▶ [WHAT IS REQUIRED] Restate word for word the lines of the entries below, starting with the line that holds "nested_bounded (yC n)." and ending with the line that holds "apply: (separating_cvg Ssep (fun", and no others.

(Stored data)
Lemma separating_cvg (g : (X -> R) -> R) S (y : nat -> X) :
  wstar_separating K g S -> (forall n, C n (y n)) ->
  (forall j f, f \in S j -> (fun n => f (y n)) @ \oo --> g f) ->
  forall f, dualsp f -> (fun n => f (y n)) @ \oo --> g f.
Proof.
move=> [Sd Ssep] yC Scvg f df; apply: cvg_ultra_refine => U UU oU.
have yB n : `|y n| <= B by exact: nested_bounded (yC n).
suff gE : wstar_ulim U y = g.
  by rewrite -gE; exact: (@wstar_ulim_cvg nat U y B UU yB f df).
apply: Ssep; first exact: wstar_ulim_nested.
move=> j h hs.
apply: (cvg_unique (@norm_hausdorff _ _) (F := (fun n => h (y n)) @ U)).
  exact: (@wstar_ulim_cvg nat U y B UU yB h (Sd j h hs)).
by move=> V Vg; apply: oU; exact: Scvg j h hs V Vg.
Qed.

Lemma wstar_approx_seq (g : (X -> R) -> R) :
  wstar_metrizable K -> K g ->
  exists c : nat -> X, (forall n, C n (c n)) /\
    forall f, dualsp f -> (fun n => f (c n)) @ \oo --> g f.
Proof.
move=> metrK Kg; have [S Ssep] := wstar_metrizable_separating metrK Kg.
have close m : exists a, C m a /\ forall f, f \in blocks S m ->
    `|f a - g f| < m.+1%:R^-1.
  have [_ gC] := Kg m I.
  have m0 : 0 < m.+1%:R^-1 :> R by rewrite invr_gt0.
  have [a Ca aP] := gC _ _ (blocks_dualsp Ssep.1 (m := m)) m0.
  exists a; split => // f fs; rewrite -canonE; first exact: aP.
  exact: blocks_dualsp Ssep.1 _ fs.
have [c cP] := choice close.
exists c; split; first by move=> n; case: (cP n).
apply: (separating_cvg Ssep (fun n => (cP n).1)) => j f fs.
apply: (cvg_dist_lt_inv_succ (j := j)) => n jn.
exact: (cP n).2 _ (mem_blocks jn fs).
Qed.

Lemma wstar_cvg_subseq (c : nat -> X) :
  wstar_metrizable K -> (forall n, C n (c n)) ->
  exists sigma : nat -> nat, (forall n, (sigma n < sigma n.+1)%N) /\
    exists2 psi, bidualsp psi &
      forall f, dualsp f -> (fun n => f (c (sigma n))) @ \oo --> psi f.
Proof.
move=> metrK cC.
have [U [UU oU]] := ultraFilterLemma eventually_filter.
have cB n : `|c n| <= B by exact: nested_bounded (cC n).
pose g := wstar_ulim U c.
have [S Ssep] := wstar_metrizable_separating metrK (wstar_ulim_nested UU oU cC).
pose P m n := forall f, f \in blocks S m -> `|f (c n) - g f| < m.+1%:R^-1.
have Pinf m k : exists2 n, (k <= n)%N & P m n.
  have m0 : 0 < m.+1%:R^-1 :> R by rewrite invr_gt0.
  have UP : U (P m) := wstar_ulim_near UU cB (blocks_dualsp Ssep.1 (m := m)) m0.
  by have [n [kn Pn]] := filter_ex (filterI (oU _ (nbhs_infty_ge k)) UP); exists n.
have [sigma [sigmaS sigmaP]] := increasing_select Pinf.
have sigma_ge n : (n <= sigma n)%N.
  by elim: n => // n IH; exact: leq_ltn_trans IH (sigmaS n).
exists sigma; split => //; exists g; first exact: wstar_ulim_bidual cB.
apply: (separating_cvg Ssep) => [n|j f fs].
  exact: nested_subset (sigma_ge n) _ (cC _).
apply: (cvg_dist_lt_inv_succ (j := j)) => n jn.
exact: sigmaP n f (mem_blocks jn fs).
Qed.

End Nested.
End Wstar.

Theorem lemma1 (R : realType) (X : completeNormedModType R)
  (C : nat -> set X) :
  (forall n, C n.+1 `<=` C n) ->
  (forall n, bounded_sub (C n)) ->
  (forall n, closed (C n)) ->
  (forall n, convex_sub (C n)) ->
  wstar_metrizable (\bigcap_n wstar_closure (C n)) ->
  (forall g, (\bigcap_n wstar_closure (C n)) g ->
     exists c : nat -> X, (forall n, C n (c n)) /\
       forall f, dualsp f -> (fun n => f (c n)) @ \oo --> g f)
  /\
  (forall c : nat -> X, (forall n, C n (c n)) ->
     exists sigma : nat -> nat, (forall n, (sigma n < sigma n.+1)%N) /\
       exists2 psi, bidualsp psi &
         forall f, dualsp f -> (fun n => f (c (sigma n))) @ \oo --> psi f).
Proof.
move=> nestedC boundedC _ _ metrK; have [B C0B] := boundedC 0%N.
split=> [g Kg|c cC].
- exact: wstar_approx_seq nestedC C0B g metrK Kg.
- exact: wstar_cvg_subseq nestedC C0B c metrK cC.
Qed.
(* Let $n=ks\ge 2$ with $k,s$ positive integers and $k<n$, and let $\mathcal{C}$ be an optimum distance full flag code on $\mathbb{F}_q^n$ whose $k$-projected code $\mathcal{C}_k$ is a $k$-spread of $\mathbb{F}_q^n$. If $n\neq 3$, then $s=2$.
   Context: $q$ is a prime power. For subspaces $\mathcal{U},\mathcal{V}$ of $\mathbb{F}_q^n$, $d_S(\mathcal{U},\mathcal{V})=\dim(\mathcal{U}+\mathcal{V})-\dim(\mathcal{U}\cap\mathcal{V})$. A full flag on $\mathbb{F}_q^n$ is a tuple $(\mathcal{F}_1,\ldots,\mathcal{F}_{n-1})$ of subspaces with $\mathcal{F}_1\subsetneq\cdots\subsetneq\mathcal{F}_{n-1}$ and $\dim\mathcal{F}_i=i$. A full flag code is a set $\mathcal{C}$ of at least two full flags; its distance $d_f(\mathcal{C})$ is the minimum over distinct $\mathcal{F},\mathcal{F}'\in\mathcal{C}$ of $\sum_i d_S(\mathcal{F}_i,\mathcal{F}'_i)$; it is an optimum distance full flag code if $d_f(\mathcal{C})=2\left(\sum_{i\le\lfloor n/2\rfloor} i+\sum_{i>\lfloor n/2\rfloor}^{n-1}(n-i)\right)$. The $i$-projected code is $\mathcal{C}_i=\{\mathcal{F}_i:\mathcal{F}\in\mathcal{C}\}$. A $k$-spread of $\mathbb{F}_q^n$ ($k\mid n$) is a set of $k$-dimensional subspaces pairwise intersecting trivially, of cardinality $(q^n-1)/(q^k-1)$ (equivalently, partitioning the nonzero vectors of $\mathbb{F}_q^n$). *)

From HB Require Import structures.
From mathcomp Require Import all_boot all_order all_algebra all_field.
Set Implicit Arguments. Unset Strict Implicit. Unset Printing Implicit Defensive.
Import GRing.Theory.
Local Open Scope ring_scope.

(* Ambient space F_q^n is 'rV[F]_n, subspaces are {vspace 'rV[F]_n}.
   A full flag (F_1, ..., F_{n-1}) is represented by the sequence
   [:: F_1; ...; F_{n-1}] of length n-1; flag_at t i = F_i. *)

Section FlagDefs.
Variables (F : finFieldType) (n : nat).
Local Notation sp := {vspace 'rV[F]_n}.

Definition flag_at (t : seq sp) (i : nat) : sp := nth 0%VS t i.-1.

Definition subspace_dist (U V : sp) : nat := (\dim (U + V) - \dim (U :&: V))%N.

Definition is_full_flag (t : seq sp) : Prop :=
  [/\ size t = n.-1,
      forall i, (1 <= i < n)%N -> \dim (flag_at t i) = i
    & forall i, (1 <= i)%N -> (i.+1 < n)%N ->
        (flag_at t i <= flag_at t i.+1)%VS /\ flag_at t i != flag_at t i.+1].

Definition flag_dist (t t' : seq sp) : nat :=
  (\sum_(1 <= i < n) subspace_dist (flag_at t i) (flag_at t' i))%N.

Definition is_full_flag_code (C : seq sp -> Prop) : Prop :=
  (forall t, C t -> is_full_flag t) /\
  exists t t', [/\ C t, C t' & t <> t'].

Definition code_dist_is (C : seq sp -> Prop) (d : nat) : Prop :=
  (exists t t', [/\ C t, C t', t <> t' & flag_dist t t' = d]) /\
  (forall t t', C t -> C t' -> t <> t' -> (d <= flag_dist t t')%N).

Definition max_flag_dist : nat :=
  (2 * (\sum_(1 <= i < (n./2).+1) i + \sum_((n./2).+1 <= i < n) (n - i)))%N.

Definition is_optimum_distance_ffc (C : seq sp -> Prop) : Prop :=
  is_full_flag_code C /\ code_dist_is C max_flag_dist.

Definition projected_code (C : seq sp -> Prop) (i : nat) : sp -> Prop :=
  fun U => exists t, C t /\ flag_at t i = U.

(* k-spread: k-dim subspaces pairwise trivially intersecting, of cardinality
   (q^n - 1)/(q^k - 1), q = #|F|; the cardinality is expressed by a
   duplicate-free enumeration of the set. *)
Definition is_spread (k : nat) (S : sp -> Prop) : Prop :=
  [/\ (forall U, S U -> \dim U = k),
      (forall U V, S U -> S V -> U <> V -> (U :&: V = 0)%VS)
    & exists s : seq sp, [/\ uniq s, (forall U, S U <-> U \in s)
        & size s = ((#|F| ^ n - 1) %/ (#|F| ^ k - 1))%N]].

End FlagDefs.

From HB Require Import structures.
From mathcomp Require Import all_boot all_order all_algebra all_field.
From mathcomp Require Import zify.
Set Implicit Arguments. Unset Strict Implicit. Unset Printing Implicit Defensive.
Import GRing.Theory.
Local Open Scope ring_scope.

(* Suppose s <> 2, so that k + 1 <= n/2.  Optimality forces every pair of
   distinct flags of the code to be at maximal distance in every coordinate,
   so their (k+1)-dimensional subspaces meet trivially.  Pick a flag F and a
   vector v in F_{k+1} outside F_k.  Counting shows that a spread covers all
   nonzero vectors, so v lies in F'_k for some flag F', necessarily different
   from F; but then the nonzero vector v lies in F_{k+1} and F'_{k+1}. *)

Lemma mem_bigcup_seq (T : finType) (I : eqType) (s : seq I) (A : I -> {set T}) x :
  (x \in \bigcup_(i <- s) A i) = has (fun i => x \in A i) s.
Proof. by elim: s => [|i s IHs]; rewrite ?big_nil ?big_cons ?inE //= IHs. Qed.

Lemma card_bigcup_seq_disjoint (T : finType) (I : eqType) (s : seq I)
    (A : I -> {set T}) :
  uniq s -> {in s &, forall i j, i != j -> [disjoint A i & A j]} ->
  #|\bigcup_(i <- s) A i| = (\sum_(i <- s) #|A i|)%N.
Proof.
elim: s => [|i s IHs] /=; first by rewrite !big_nil cards0.
case/andP => i_notin_s uniq_s disjA.
rewrite !big_cons -IHs //; last by move=> j l js ls; apply: disjA; rewrite inE ?js ?ls orbT.
apply/eqP; rewrite (leq_card_setU _ _).2; apply/pred0P => x /=.
apply/andP => -[xAi]; rewrite mem_bigcup_seq => /hasP [j js xAj].
have ij : i != j by apply: contraNneq i_notin_s => ->.
have js' : j \in i :: s by rewrite inE js orbT.
by rewrite (disjointFr (disjA i j (mem_head _ _) js' ij) xAi) in xAj.
Qed.

Lemma leq_sum_eq (I : eqType) (r : seq I) (E1 E2 : I -> nat) :
  (forall i, i \in r -> E1 i <= E2 i)%N ->
  (\sum_(i <- r) E2 i <= \sum_(i <- r) E1 i)%N ->
  forall i, i \in r -> E1 i = E2 i.
Proof.
move=> le12 le_sum i ir; apply/eqP; rewrite eqn_leq le12 //=.
have : (\sum_(j <- r | j \in r) (E2 j - E1 j) == 0)%N.
  by rewrite sumnB // -!big_seq subn_eq0.
by rewrite sum_nat_seq_eq0 => /allP /(_ i ir); rewrite ir subn_eq0.
Qed.

Lemma ltn_half_mul (k s : nat) :
  (0 < k)%N -> (2 < s)%N -> (k * s != 3)%N -> (k < (k * s)./2)%N.
Proof. by move=> k_gt0 s_gt2 ks_neq3; rewrite -divn2; nia. Qed.

Section Flags.
Variables (F : finFieldType) (n : nat).
Local Notation sp := {vspace 'rV[F]_n}.

Definition nonzero_vecs (U : sp) : {set 'rV[F]_n} := [set x in U] :\ 0.

Lemma card_nonzero_vecs (U : sp) : #|nonzero_vecs U| = (#|F| ^ \dim U - 1)%N.
Proof.
have := cardsD1 0 [set x in U]; rewrite inE mem0v cardsE card_vspace => ->.
by rewrite add1n subn1.
Qed.

Lemma spread_cover (k : nat) (S : sp -> Prop) (v : 'rV[F]_n) :
  (k %| n)%N -> is_spread k S -> v != 0 -> exists2 U, S U & v \in U.
Proof.
move=> k_dvd_n [dimS capS [s [uniq_s memS size_s]]] v_neq0.
set q := #|F|.
have dvd_q : (q ^ k - 1 %| q ^ n - 1)%N.
  case/dvdnP: k_dvd_n => m ->; rewrite mulnC expnM -{2}(exp1n m) subn_exp.
  by rewrite dvdn_mulr.
have card_cover : #|\bigcup_(U <- s) nonzero_vecs U| = (q ^ n - 1)%N.
  rewrite card_bigcup_seq_disjoint //; last first.
    move=> U V /memS SU /memS SV /eqP UV; apply/pred0P => x /=.
    rewrite !inE; apply/negbTE/and3P => -[/andP [x_neq0 xU] _ xV].
    by move: x_neq0; rewrite -memv0 -(capS U V SU SV UV) memv_cap xU xV.
  rewrite (eq_big_seq (fun=> (q ^ k - 1)%N)); last first.
    by move=> U /memS SU; rewrite card_nonzero_vecs dimS.
  by rewrite big_const_seq count_predT iter_addn_0 size_s mulnC divnK.
have cover_full : \bigcup_(U <- s) nonzero_vecs U = nonzero_vecs fullv.
  apply/eqP; rewrite eqEcard card_cover card_nonzero_vecs dimvf /dim /= mul1n.
  rewrite leqnn andbT; apply/subsetP => x; rewrite mem_bigcup_seq.
  by case/hasP => U _; rewrite !inE memvf andbT => /andP [].
have : v \in \bigcup_(U <- s) nonzero_vecs U by rewrite cover_full !inE memvf v_neq0.
by rewrite mem_bigcup_seq => /hasP [U /memS SU]; rewrite !inE => /andP [_ vU]; exists U.
Qed.

Lemma subspace_dist_le (U V : sp) (i : nat) : \dim U = i -> \dim V = i ->
  (subspace_dist U V <= 2 * minn i (n - i))%N.
Proof.
move=> dimU dimV; rewrite /subspace_dist.
have := dimv_sum_cap U V; have := dimvS (subvf (U + V)%VS).
rewrite dimvf /dim /= mul1n dimU dimV; lia.
Qed.

Lemma subspace_dist_double_capv0 (U V : sp) (i : nat) : \dim U = i -> \dim V = i ->
  subspace_dist U V = (2 * i)%N -> (U :&: V = 0)%VS.
Proof.
move=> dimU dimV; rewrite /subspace_dist => dist_UV.
apply/eqP; rewrite -dimv_eq0; apply/eqP.
have := dimv_sum_cap U V; rewrite dimU dimV; lia.
Qed.

Lemma max_flag_distE :
  max_flag_dist n = (\sum_(1 <= i < n) 2 * minn i (n - i))%N.
Proof.
have [->|n_gt0] := posnP n; first by rewrite /max_flag_dist !big_geq.
rewrite /max_flag_dist [in RHS](@big_cat_nat _ _ _ (n./2).+1) //=; last first.
  by rewrite -divn2; lia.
rewrite mulnDr !big_distrr /=; congr (_ + _); apply: eq_big_nat => i;
  by rewrite -divn2; lia.
Qed.

Lemma full_flag_subv (t : seq sp) (i : nat) : is_full_flag t ->
  (1 <= i)%N -> (i.+1 < n)%N -> (flag_at t i <= flag_at t i.+1)%VS.
Proof. by case=> _ _ chain i_ge1 i_lt; case: (chain i i_ge1 i_lt). Qed.

Lemma full_flag_step (t : seq sp) (i : nat) : is_full_flag t ->
  (1 <= i)%N -> (i.+1 < n)%N ->
  exists2 v, v \in flag_at t i.+1 & v \notin flag_at t i.
Proof.
case=> _ _ chain i_ge1 i_lt; case: (chain i i_ge1 i_lt) => sub_i neq_i.
by apply/subvPn; apply: contra neq_i => sub_succ; rewrite eqEsubv sub_i.
Qed.

Section OptimumCode.
Variable C : seq sp -> Prop.
Hypothesis optC : is_optimum_distance_ffc C.

Lemma optimum_flag_code_dist (t t' : seq sp) (i : nat) :
  C t -> C t' -> t <> t' -> (1 <= i < n)%N ->
  subspace_dist (flag_at t i) (flag_at t' i) = (2 * minn i (n - i))%N.
Proof.
case: optC => [[fullC _] [_ minC]] Ct Ct' tt' i_range.
have [_ dim_t _] := fullC t Ct; have [_ dim_t' _] := fullC t' Ct'.
apply: (@leq_sum_eq _ (index_iota 1 n)
  (fun j => subspace_dist (flag_at t j) (flag_at t' j)) (fun j => 2 * minn j (n - j))%N).
- by move=> j; rewrite mem_index_iota => j_range; apply: subspace_dist_le;
    [exact: dim_t | exact: dim_t'].
- by rewrite -max_flag_distE; exact: minC.
- by rewrite mem_index_iota.
Qed.

Lemma optimum_flag_code_capv0 (t t' : seq sp) (i : nat) :
  C t -> C t' -> t <> t' -> (1 <= i <= n./2)%N ->
  (flag_at t i :&: flag_at t' i = 0)%VS.
Proof.
case: optC => [[fullC _] _] Ct Ct' tt' /andP [i_ge1 i_le].
have i_range : (1 <= i < n)%N by move: i_le; rewrite i_ge1 -divn2; lia.
have [_ dim_t _] := fullC t Ct; have [_ dim_t' _] := fullC t' Ct'.
apply: (subspace_dist_double_capv0 (dim_t i i_range) (dim_t' i i_range)).
by rewrite optimum_flag_code_dist //; move: i_le; rewrite -divn2; lia.
Qed.

Lemma optimum_spread_flag_code_half (k : nat) :
  (k %| n)%N -> is_spread k (projected_code C k) -> (n./2 <= k)%N.
Proof.
move=> k_dvd_n spreadCk; rewrite leqNgt; apply/negP => k_lt.
case: k k_dvd_n spreadCk k_lt => [|k] k_dvd_n spreadCk k_lt.
  by move: k_dvd_n k_lt; rewrite dvd0n => /eqP ->.
have k_succ_lt : (k.+2 < n)%N by move: k_lt; rewrite -divn2; lia.
have [[fullC [t [_ [Ct _ _]]]] _] := optC.
have [v v_succ v_notin] := full_flag_step (fullC t Ct) (ltn0Sn k) k_succ_lt.
have v_neq0 : v != 0 by apply: contraNneq v_notin => ->; rewrite mem0v.
have [_ [t' [Ct' <-]] v_in] := spread_cover k_dvd_n spreadCk v_neq0.
have tt' : t <> t' by move=> tt'; rewrite tt' v_in in v_notin.
have v_succ' : v \in flag_at t' k.+2.
  exact: subvP (full_flag_subv (fullC t' Ct') (ltn0Sn k) k_succ_lt) _ v_in.
have : v \in (flag_at t k.+2 :&: flag_at t' k.+2)%VS by rewrite memv_cap v_succ.
by rewrite optimum_flag_code_capv0 // ?memv0 ?(negbTE v_neq0).
Qed.

End OptimumCode.
End Flags.

Theorem proposition4p1 (F : finFieldType) (n k s : nat)
  (C : seq {vspace 'rV[F]_n} -> Prop) :
  (2 <= n)%N -> (0 < k)%N -> (0 < s)%N -> n = (k * s)%N -> (k < n)%N ->
  is_optimum_distance_ffc C ->
  is_spread k (projected_code C k) ->
  n <> 3%N -> s = 2%N.
Proof.
move=> _ k_gt0 s_gt0 n_ks k_lt_n optC spreadCk n_neq3.
have k_dvd_n : (k %| n)%N by rewrite n_ks dvdn_mulr.
have := optimum_spread_flag_code_half optC k_dvd_n spreadCk.
rewrite n_ks in n_neq3 k_lt_n *; apply: contraTeq => s_neq2.
have s_neq1 : s != 1%N by apply: contraTneq k_lt_n => ->; rewrite muln1 ltnn.
have s_gt2 : (2 < s)%N by lia.
by rewrite -ltnNge ltn_half_mul //; apply/eqP.
Qed.
Definition capAt n k (l : 'I_k) (s : profile n k) : profile n k :=
  [ffun j => if (l <= s j)%N then l else s j].

Definition RT_mech (R : realFieldType) n m k (v : valuation R n m k)
  (choose : {set 'I_n} -> ('I_n -> {set 'I_m} -> R) -> allocation n m)
  (l : 'I_k) : mechanism R n m k :=
  fun s =>
    let S := [set i | (l <= s i)%N] in
    let w := fun i T => if i \in S then v i T (capAt l s) else 0 in
    let A := choose S w in
    (A, fun i => if i \in S then v i (A i) (upd s i (ordPred l)) else 0).

Definition zeroOn n k (A : {set 'I_n}) (s : profile n k) : profile n k :=
  [ffun j => if j \in A then s j else ordZero (s j)].

Definition RS_mech (R : realFieldType) n m k (v : valuation R n m k)
  (choose : {set 'I_n} -> ('I_n -> {set 'I_m} -> R) -> allocation n m)
  (A : {set 'I_n}) : mechanism R n m k :=
  fun s =>
    let B := ~: A in
    let w := fun i T => if i \in B then v i T (zeroOn A s) else 0 in
    (choose B w, fun _ => 0).

Definition exPost_IC_IR (R : realFieldType) n m k (v : valuation R n m k)
  (M : mechanism R n m k) :=
  forall (s : profile n k) (i : 'I_n) (x : 'I_k),
    let u r := v i ((M r).1 i) s - (M r).2 i in
    0 <= u s /\ u (upd s i x) <= u s.

Definition welfare (R : realFieldType) n m k (v : valuation R n m k)
  (T : allocation n m) (s : profile n k) : R :=
  \sum_i v i (T i) s.

(* expected welfare of k-HL at truthful profile s:
   w.p. (k-1)/(k+3) Random Threshold with l uniform in {1,...,k-1},
   otherwise Random Sampling with a uniformly random split A (B = ~: A). *)
Definition kHL_welfare (R : realFieldType) n m k (v : valuation R n m k)
  (chRT chRS : {set 'I_n} -> ('I_n -> {set 'I_m} -> R) -> allocation n m)
  (s : profile n k) : R :=
  (k.-1)%:R / (k + 3)%:R *
    ((k.-1)%:R^-1 * \sum_(l : 'I_k | (0 < l)%N) welfare v (RT_mech v chRT l s).1 s)
  + (1 - (k.-1)%:R / (k + 3)%:R) *
    ((2 ^ n)%:R^-1 * \sum_(A : {set 'I_n}) welfare v (RS_mech v chRS A s).1 s).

▶ [EXERCISE ANSWER]
have yB n : `|y n| <= B by exact: nested_bounded (yC n).
suff gE : wstar_ulim U y = g.
  by rewrite -gE; exact: (@wstar_ulim_cvg nat U y B UU yB f df).
apply: Ssep; first exact: wstar_ulim_nested.
move=> j h hs.
apply: (cvg_unique (@norm_hausdorff _ _) (F := (fun n => h (y n)) @ U)).
  exact: (@wstar_ulim_cvg nat U y B UU yB h (Sd j h hs)).
by move=> V Vg; apply: oU; exact: Scvg j h hs V Vg.
Qed.

Lemma wstar_approx_seq (g : (X -> R) -> R) :
  wstar_metrizable K -> K g ->
  exists c : nat -> X, (forall n, C n (c n)) /\
    forall f, dualsp f -> (fun n => f (c n)) @ \oo --> g f.
Proof.
move=> metrK Kg; have [S Ssep] := wstar_metrizable_separating metrK Kg.
have close m : exists a, C m a /\ forall f, f \in blocks S m ->
    `|f a - g f| < m.+1%:R^-1.
  have [_ gC] := Kg m I.
  have m0 : 0 < m.+1%:R^-1 :> R by rewrite invr_gt0.
  have [a Ca aP] := gC _ _ (blocks_dualsp Ssep.1 (m := m)) m0.
  exists a; split => // f fs; rewrite -canonE; first exact: aP.
  exact: blocks_dualsp Ssep.1 _ fs.
have [c cP] := choice close.
exists c; split; first by move=> n; case: (cP n).
apply: (separating_cvg Ssep (fun n => (cP n).1)) => j f fs.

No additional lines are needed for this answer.